Não é difícil ver pessoas que, por falta de amor dos pais se envolvem com drogas buscando a fuga desta realidade pesarosa e triste; assim como também há mulheres que manifestam o câncer de útero, mama ou ovário por se anularem ou reprimirem o real desejo dentro de seus relacionamentos; e sem falar naqueles, carentes e egoístas que, por estarem sentindo falta de carinho tentam suprimir o sentimento que lhe falta com o excesso de comida; os ingratos que vivem com enxaqueca, mas não percebem que o que lhes falta é agradecer por aquilo que têm; os invejosos, rancorosos, possessivos e passionais que sempre acabam com seus corações infartados... Entenda, não é uma regra, mas sim exemplos do que podemos manifestar quando continuamos vestindo nossas armaduras sociais.

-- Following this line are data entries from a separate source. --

(* Consider the multi-level, single-user caching problem described in the context, with $L$ levels, level $i$ having $N_i$ files and $K_i$ users, and cache memory $M\ge 0$. Let \[ H'=\{h\in\{1,\dots,L\}: M<N_h/K_h\},\qquad I'=\{1,\dots,L\}\setminus H'. \] Then the rate \[ R^{\mathrm{SU}}(M)=\sum_{h\in H'}K_h+\max\Big\{\frac{\sum_{i\in I'}N_i}{M}-1,\;0\Big\} \] is achievable (the second term being $0$ when $I'=\emptyset$).
   Context: Multi-level, single-user caching problem. A server holds $\sum_{i=1}^L N_i$ files of $F$ bits each, partitioned into $L$ popularity levels, level $i$ containing $N_i$ files. There are $K=\sum_{i=1}^L K_i$ caches (each $K_i\ge1$), each able to store $MF$ bits, and exactly one user connected to each cache. In a placement phase, before requests are known, arbitrary functions of the files are stored in the caches. In the delivery phase, exactly $K_i$ of the $K$ users request a file from level $i$, for each $i$; which users these are is not known in advance, and each such user may request any file of level $i$. The server sends one broadcast of $RF$ bits heard by all users, and each user must recover its requested file from the broadcast and its cache. A pair $(R,M)$ is achievable if there is a placement-and-delivery strategy with cache memory $M$ that, for every admissible assignment of users to levels and every admissible choice of requested files, uses a broadcast of rate at most $R$ satisfying all requests (with vanishing error probability as $F\to\infty$). Standing assumption: $N_i\ge K_i$ for every level $i$. *)

From HB Require Import structures.
From mathcomp Require Import all_boot all_order all_algebra.
From mathcomp Require Import reals.
Set Implicit Arguments. Unset Strict Implicit. Unset Printing Implicit Defensive.
Import Order.TTheory GRing.Theory Num.Theory.
Local Open Scope ring_scope.

Definition file_idx (L : nat) (N : 'I_L -> nat) : finType :=
  {i : 'I_L & 'I_(N i)}.

Definition library (L : nat) (N : 'I_L -> nat) (F : nat) : finType :=
  {ffun file_idx N -> F.-tuple bool}.

Definition nusers (L : nat) (Ku : 'I_L -> nat) : nat := (\sum_(i < L) Ku i)%N.

Definition admissible_demand (L : nat) (N Ku : 'I_L -> nat)
    (d : 'I_(nusers Ku) -> file_idx N) : Prop :=
  forall i : 'I_L, #|[pred k | tag (d k) == i]| = Ku i.

(* Error probability (files i.i.d. uniform bits = uniform library
   realization): fraction of realizations W for which some user fails. *)
Definition error_prob (R : realType) (L : nat) (N Ku : 'I_L -> nat) (F c b : nat)
    (d : 'I_(nusers Ku) -> file_idx N)
    (cache : 'I_(nusers Ku) -> library N F -> c.-tuple bool)
    (enc : library N F -> b.-tuple bool)
    (dec : 'I_(nusers Ku) -> b.-tuple bool -> c.-tuple bool -> F.-tuple bool) : R :=
  (#|[pred W : library N F |
       [exists k, dec k (enc W) (cache k W) != W (d k)]]|)%:R
  / (#|library N F|)%:R.
(* Combinatorial triangulated 2-sphere: a pure 2-dimensional simplicial
   complex which is a closed connected combinatorial 2-manifold
   (every edge in exactly two triangles, every vertex link a single cycle)
   with Euler characteristic 2. *)
Definition is_sphere2 : Prop :=
  [/\ forall t, t \in F -> #|t| = 3,
      forall e, e \in edges -> #|[set t in F | e \subset t]| = 2,
      forall v, v \in verts ->
        forall x y, x \in link_verts v -> y \in link_verts v ->
          connect (link_rel v) x y,
      forall x y, x \in verts -> y \in verts -> connect adj x y
    & (#|verts| + #|F| = #|edges| + 2)%N].

(* A move (a, b, c) colours the edge {a,b} and its
   endpoints red and the triangle {a,b,c} green; it is admissible when
   a, b are currently uncoloured, {a,b,c} is a triangle of B and c is red. *)
Fixpoint valid_moves (R : {set T}) (ms : seq (T * T * T)) : bool :=
  match ms with
  | [::] => true
  | (a, b, c) :: ms' =>
      [&& a \notin R, b \notin R, a != b, [set a; b; c] \in F, c \in R
        & valid_moves (a |: (b |: R)) ms']
  end.

Definition green_triangles (ms : seq (T * T * T)) : {set {set T}} :=
  [set [set m.1.1; m.1.2; m.2] | m in ms].

Definition has_winning_strategy : Prop :=
  exists (R0 : {set T}) (ms : seq (T * T * T)),
    [/\ R0 \subset verts, 1 <= #|R0| <= 2, valid_moves R0 ms
      & #|F| <= 4 * #|green_triangles ms|].

End Complex.

(* Double counting gives 3f = 2e, so Euler's formula reads f = 2v - 4: hence v <= 8,
   and the average degree 6 - 12/v exceeds 3 when v >= 5 and exceeds 4 when v >= 7.
   With a single red vertex c, any 2k consecutive vertices of the link cycle of c pair
   up into k moves whose green triangles are spokes at c.  This settles f <= 4 (one
   move), f <= 8 (a vertex of degree >= 4) and f <= 12 with a vertex of degree >= 6.
   If instead deg c = 5 and v >= 7, some vertex a outside the closed star of c is
   adjacent to a link vertex b.  An apex of one of the two triangles on ab lies in the
   link of c, so it is red after the two spokes avoiding b, and (b, a, apex) is a third
   move: otherwise a and both apexes lie outside the star, and v >= 6 + 3. *)

From mathcomp Require Import all_boot zify.
Set Implicit Arguments. Unset Strict Implicit. Unset Printing Implicit Defensive.

Section FiniteSets.
Variable T : finType.

Lemma card_set3_uniq (a b c : T) : (#|[set a; b; c]| == 3) = uniq [:: a; b; c].
Proof.
have -> : #|[set a; b; c]| = #|[:: a; b; c]| by apply: eq_card => z; rewrite !inE orbA.
exact/eqP/card_uniqP.
Qed.

Lemma set3C12 (a b c : T) : [set a; b; c] = [set b; a; c].
Proof. by rewrite [[set a; b]]setUC. Qed.

Lemma set3C23 (a b c : T) : [set a; b; c] = [set a; c; b].
Proof. by rewrite -!setUA [[set b] :|: _]setUC. Qed.

Lemma set3_rot (a b c : T) : [set a; b; c] = [set b; c; a].
Proof. by rewrite set3C12 set3C23. Qed.

Lemma uniq_size_le_card (A : {set T}) (s : seq T) :
  uniq s -> {subset s <= A} -> size s <= #|A|.
Proof. by move=> /card_uniqP <- /subsetP; apply: subset_leq_card. Qed.

Lemma connect_cross (e : rel T) (A : {pred T}) x y :
  connect e x y -> x \notin A -> y \in A -> exists a b, [/\ e a b, a \notin A & b \in A].
Proof.
case/connectP => s; elim: s x => [|z s IHs] x /=; first by move=> _ -> /negP.
case/andP => xz zs ey xA yA; case: (boolP (z \in A)) => zA; first by exists x, z.
exact: IHs zs ey zA yA.
Qed.

Lemma double_count (U V : finType) (A : {set U}) (B : {set V}) (R : U -> V -> bool) :
  \sum_(x in A) #|[set y in B | R x y]| = \sum_(y in B) #|[set x in A | R x y]|.
Proof.
have card_sep (W : finType) (C : {set W}) (P : pred W) :
    #|[set w in C | P w]| = \sum_(w in C) P w.
  rewrite -sum1_card (eq_bigl (fun w => (w \in C) && P w)) => [|w]; last by rewrite inE.
  by rewrite big_mkcondr; apply: eq_bigr => w _; case: (P w).
under eq_bigr => x _ do rewrite card_sep.
by rewrite exchange_big; apply: eq_bigr => y _; rewrite card_sep.
Qed.

End FiniteSets.

Section Game.
Variables (T : finType) (F : {set {set T}}).

Lemma valid_moves_fresh R ms m : valid_moves F R ms -> m \in ms -> m.1.1 \notin R.
Proof.
elim: ms R => //= [[[a b] c] ms IHms] R /and5P [aR _ _ _ /andP [_ val]].
rewrite inE => /predU1P [-> //|/(IHms _ val)].
by apply: contra => mR; rewrite !inE mR !orbT.
Qed.

Lemma card_green_triangles R ms :
  valid_moves F R ms -> #|green_triangles ms| = size ms.
Proof.
move=> val; pose tri (m : T * T * T) := [set m.1.1; m.1.2; m.2].
(* Each triangle contains a vertex that is still uncoloured when it turns green. *)
have uniq_tri : uniq (map tri ms).
  elim: ms R val => //= [[[a b] c] ms IHms] R /and5P [aR bR _ _ /andP [cR val]].
  rewrite (IHms _ val) andbT; apply/mapP => -[m mms tri_eq].
  have := valid_moves_fresh val mms; rewrite !inE !negb_or => /and3P [ma mb mR].
  have : m.1.1 \in tri (a, b, c) by rewrite tri_eq !inE eqxx.
  by rewrite !inE (negbTE ma) (negbTE mb) => /eqP mc; rewrite mc cR in mR.
rewrite -(size_map tri) -(card_uniqP uniq_tri); apply: eq_card => t.
by apply/imsetP/mapP => -[m mms ->]; exists m.
Qed.

Lemma win_of_moves c ms : c \in verts F -> valid_moves F [set c] ms ->
  #|F| <= 4 * size ms -> has_winning_strategy F.
Proof.
move=> cV val le_F; exists [set c], ms.
by rewrite sub1set cards1 (card_green_triangles val).
Qed.

Fixpoint fan_moves (c : T) (p : seq T) (ms : seq (T * T * T)) :=
  if p is x :: y :: p' then (x, y, c) :: fan_moves c p' ms else ms.

Lemma size_fan_moves c p ms : size (fan_moves c p ms) = (size p)./2 + size ms.
Proof.
have [n] := ubnP (size p); elim: n p => // n IHn [|x [|y p]] //= lt_n.
by rewrite IHn // ltnW.
Qed.

Lemma valid_fan_moves c (R : {set T}) p ms : c \in R -> ~~ odd (size p) ->
  sorted (link_rel F c) p -> uniq p -> [disjoint p & R] ->
  valid_moves F (R :|: [set x in p]) ms -> valid_moves F R (fan_moves c p ms).
Proof.
have [n] := ubnP (size p); elim: n => // n IHn in p R *.
case: p => [|x [|y p]] //= lt_n cR odd_p.
  by move=> _ _ _; rewrite set_nil setU0.
case/andP=> xy pth; rewrite !inE !negb_or => /and3P [/andP [xy' x_p] y_p Up].
rewrite !disjoint_cons => /and3P [xR yR dis] val.
rewrite xR yR xy' -set3_rot (xy : [set c; x; y] \in F) cR /=.
apply: IHn => //; first exact: ltnW.
- by rewrite !inE cR !orbT.
- by rewrite negbK in odd_p.
- exact: path_sorted pth.
- move: dis; rewrite !disjoint_has => /hasPn dis; apply/hasPn => z zp.
  by rewrite !inE !negb_or (dis z zp) (memPn x_p z zp) (memPn y_p z zp).
- congr (valid_moves _ _ ms): val; apply/setP => z; rewrite !inE.
  by case: (z == x) (z == y) (z \in R) => [] [] [].
Qed.

End Game.

Section Surface.
Variables (T : finType) (F : {set {set T}}).
Hypothesis card_tri : forall t, t \in F -> #|t| = 3.
Hypothesis card_edge_tri :
  forall e, e \in edges F -> #|[set t in F | e \subset t]| = 2.

Lemma tri_uniq a b c : [set a; b; c] \in F -> uniq [:: a; b; c].
Proof. by move/card_tri/eqP; rewrite card_set3_uniq. Qed.

Lemma tri_neq a b c : [set a; b; c] \in F -> [/\ a != b, b != c & a != c].
Proof. by move/tri_uniq; rewrite /= !inE negb_or andbT => /andP [/andP [-> ->] ->]. Qed.

Lemma tri_verts a b c :
  [set a; b; c] \in F -> [/\ a \in verts F, b \in verts F & c \in verts F].
Proof.
move=> tF; have /subsetP sub := bigcup_sup _ tF (F := id).
by split; apply: sub; rewrite !inE eqxx ?orbT.
Qed.

Lemma tri_edge a b c : [set a; b; c] \in F -> [set a; b] \in edges F.
Proof.
move=> tF; have [ab _ _] := tri_neq tF.
rewrite inE cards2 ab; apply/existsP; exists [set a; b; c].
by rewrite tF subsetUl.
Qed.

Lemma edge_verts e : e \in edges F -> e \subset verts F.
Proof.
rewrite inE => /andP [_ /existsP [t /andP [tF et]]].
exact: subset_trans et (bigcup_sup t tF).
Qed.

Lemma link_relC c x y : link_rel F c x y = link_rel F c y x.
Proof. by rewrite /link_rel set3C23. Qed.

Lemma link_rel_link c x y : link_rel F c x y -> x \in link_verts F c.
Proof. by move=> tF; have [cx _ _] := tri_neq tF; rewrite inE eq_sym cx (tri_edge tF). Qed.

Somos responsáveis por aquele e aquilo com quem convivemos e cativamos. Negligenciar e se proteger é evitar se conhecer e amadurecer. Esta afirmação está de acordo com o que o Jesus Cristo uma vez disse "Ame a teu próximo como a ti mesmo e não faça aos outros o que não quer que façam contigo." E ele tem razão.
Existem três formas sublimes de nos despirmos da armadura que levamos como fardo, e mesmo que nos valhamos de apenas uma delas como pilar em nossas vidas, ainda sim será possível compreender as outras duas. São elas: o Amor, a Gratidão (ou atos de caridade) e o Perdão (de si mesmo e do outro). O Amor é o único sentimento que verdadeiramente existe, a essência da Vida. A Gratidão é a ação, é o movimento positivo da Vida que agrega e traz a evolução contínua. E o perdão é a união, a compreensão de unicidade, de ser com o outro.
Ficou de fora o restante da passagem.